Krouwer Jan S, Cembrowski George S
Krouwer Consulting, Sherborn, Massachusetts 01770, USA.
J Diabetes Sci Technol. 2010 Jan 1;4(1):75-83. doi: 10.1177/193229681000400110.
Glucose performance is reviewed in the context of total error, which includes error from all sources, not just analytical. Many standards require less than 100% of results to be within specific tolerance limits. Analytical error represents the difference between tested glucose and reference method glucose. Medical errors include analytical errors whose magnitude is great enough to likely result in patient harm. The 95% requirements of International Organization for Standardization 15197 and others make little sense, as up to 5% of results can be medically unacceptable. The current American Diabetes Association standard lacks a specification for user error. Error grids can meaningfully specify allowable glucose error. Infrequently, glucose meters do not provide a glucose result; such an occurrence can be devastating when associated with a life-threatening event. Nonreporting failures are ignored by standards. Estimates of analytical error can be classified into the four following categories: imprecision, random patient interferences, protocol-independent bias, and protocol-dependent bias. Methods to estimate total error are parametric, nonparametric, modeling, or direct. The Westgard method underestimates total error by failing to account for random patient interferences. Lawton's method is a more complete model. Bland-Altman, mountain plots, and error grids are direct methods and are easier to use as they do not require modeling. Three types of protocols can be used to estimate glucose errors: method comparison, special studies and risk management, and monitoring performance of meters in the field. Current standards for glucose meter performance are inadequate. The level of performance required in regulatory standards should be based on clinical needs but can only deal with currently achievable performance. Clinical standards state what is needed, whether it can be achieved or not. Rational regulatory decisions about glucose monitors should be based on robust statistical analyses of performance.

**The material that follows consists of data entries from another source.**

(* Let $C$ be a 2-copula and let $(U,V)$ be a random pair with joint distribution function $C$. Then: (i) $C$ is $I(-1,-1)$ if and only if $C(u,v)\,C(u',v')\ge C(u,v')\,C(u',v)$ for all $u,v,u',v'\in[0,1]$ with $u\le u'$ and $v\le v'$; (ii) $C$ is $I(1,-1)$ if and only if $[v-C(u,v)]\,[v'-C(u',v')]\le [v-C(u',v)]\,[v'-C(u,v')]$ for all $u,v,u',v'\in[0,1]$ with $u\le u'$ and $v\le v'$; (iii) $C$ is $I(-1,1)$ if and only if $[u-C(u,v)]\,[u'-C(u',v')]\le [u'-C(u',v)]\,[u-C(u,v')]$ for all $u,v,u',v'\in[0,1]$ with $u\le u'$ and $v\le v'$; (iv) $C$ is $I(1,1)$ if and only if $\widehat{C}(u,v)\,\widehat{C}(u',v')\ge \widehat{C}(u,v')\,\widehat{C}(u',v)$ for all $u,v,u',v'\in[0,1]$ with $u\le u'$ and $v\le v'$.
   Context: An $n$-copula is the restriction to $[0,1]^n$ of an $n$-dimensional distribution function whose univariate marginals are uniform on $[0,1]$. For $\alpha=(\alpha_1,\dots,\alpha_n)\in\{-1,1\}^n$ and a random vector $\mathbf X=(X_1,\dots,X_n)$, write $\alpha\mathbf X=(\alpha_1X_1,\dots,\alpha_nX_n)$; inequalities between vectors are componentwise. $\mathbf X$ (or its distribution) is called increasing according to the direction $\alpha$, written $I(\alpha)$, if for every $\mathbf x\in\mathbb R^n$ the map $\mathbf x'\mapsto \mathbb P[\alpha\mathbf X>\mathbf x\mid \alpha\mathbf X>\mathbf x']$ is nondecreasing in $\mathbf x'$, i.e. $\mathbb P[\alpha\mathbf X>\mathbf x\mid \alpha\mathbf X>\mathbf x']\le \mathbb P[\alpha\mathbf X>\mathbf x\mid \alpha\mathbf X>\mathbf x'']$ whenever $\mathbf x'\le\mathbf x''$ and $\mathbb P[\alpha\mathbf X>\mathbf x'']>0$. A copula $C$ is called $I(\alpha)$ if a random vector with distribution function $C$ is $I(\alpha)$. The survival copula of the 2-copula $C$ is $\widehat C(u,v)=\mathbb P[U>1-u,\,V>1-v]=u+v-1+C(1-u,1-v)$. *)

From HB Require Import structures.
From mathcomp Require Import all_boot all_order all_algebra.
From mathcomp Require Import all_classical all_reals all_analysis.
Set Implicit Arguments. Unset Strict Implicit. Unset Printing Implicit Defensive.
Import Order.TTheory GRing.Theory Num.Theory.
Local Open Scope classical_set_scope.
Local Open Scope ring_scope.

Definition upper_event (T : Type) (R : realType) (X1 X2 : T -> R)
  (a1 a2 : R) (x1 x2 : R) : set T :=
  [set t | x1 < a1 * X1 t /\ x2 < a2 * X2 t].

(* The random pair (X1, X2) is increasing according to the direction
   (a1, a2), I(a1,a2): for every x, the map x' |-> P[aX > x | aX > x'] is
   nondecreasing, i.e. for x' <= x'' with P[aX > x''] > 0,
   P[aX > x | aX > x'] <= P[aX > x | aX > x'']. *)
Definition increasing_dir (d : measure_display) (T : measurableType d)
  (R : realType) (P : probability T R) (X1 X2 : T -> R) (a1 a2 : R) : Prop :=
  forall x1 x2 y1 y2 z1 z2 : R,
    y1 <= z1 -> y2 <= z2 ->
    0 < fine (P (upper_event X1 X2 a1 a2 z1 z2)) ->
    fine (P (upper_event X1 X2 a1 a2 x1 x2 `&` upper_event X1 X2 a1 a2 y1 y2))
      / fine (P (upper_event X1 X2 a1 a2 y1 y2))
    <=
    fine (P (upper_event X1 X2 a1 a2 x1 x2 `&` upper_event X1 X2 a1 a2 z1 z2))
      / fine (P (upper_event X1 X2 a1 a2 z1 z2)).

在总误差的背景下对葡萄糖检测性能进行了综述,总误差包括来自所有来源的误差,而不仅仅是分析误差。许多标准要求不到100%的结果在特定的公差范围内。分析误差表示检测的葡萄糖与参考方法测定的葡萄糖之间的差异。医学误差包括那些大小足以可能导致患者伤害的分析误差。国际标准化组织15197等标准的95%要求没什么意义,因为高达5%的结果在医学上可能是不可接受的。当前美国糖尿病协会的标准缺乏对用户误差的规范。误差网格可以有意义地规定允许的葡萄糖误差。偶尔,血糖仪无法提供葡萄糖检测结果;当这种情况与危及生命的事件相关联时,可能是毁灭性的。标准忽略了未报告故障。分析误差的估计可分为以下四类:不精密度、随机患者干扰、与方案无关的偏差和与方案有关的偏差。估计总误差的方法有参数法、非参数法、建模法或直接法。韦斯特加德方法由于未考虑随机患者干扰而低估了总误差。劳顿方法是一个更完整的模型。布兰德-奥特曼法、山峰图和误差网格是直接法,使用起来更方便,因为它们不需要建模。可以使用三种类型的方案来估计葡萄糖误差:方法比较、专项研究和风险管理以及现场血糖仪性能监测。当前血糖仪性能标准不充分。监管标准中要求的性能水平应基于临床需求,但只能处理当前可实现的性能。临床标准说明了需要什么,无论能否实现。关于葡萄糖监测仪的合理监管决策应基于对性能的可靠统计分析。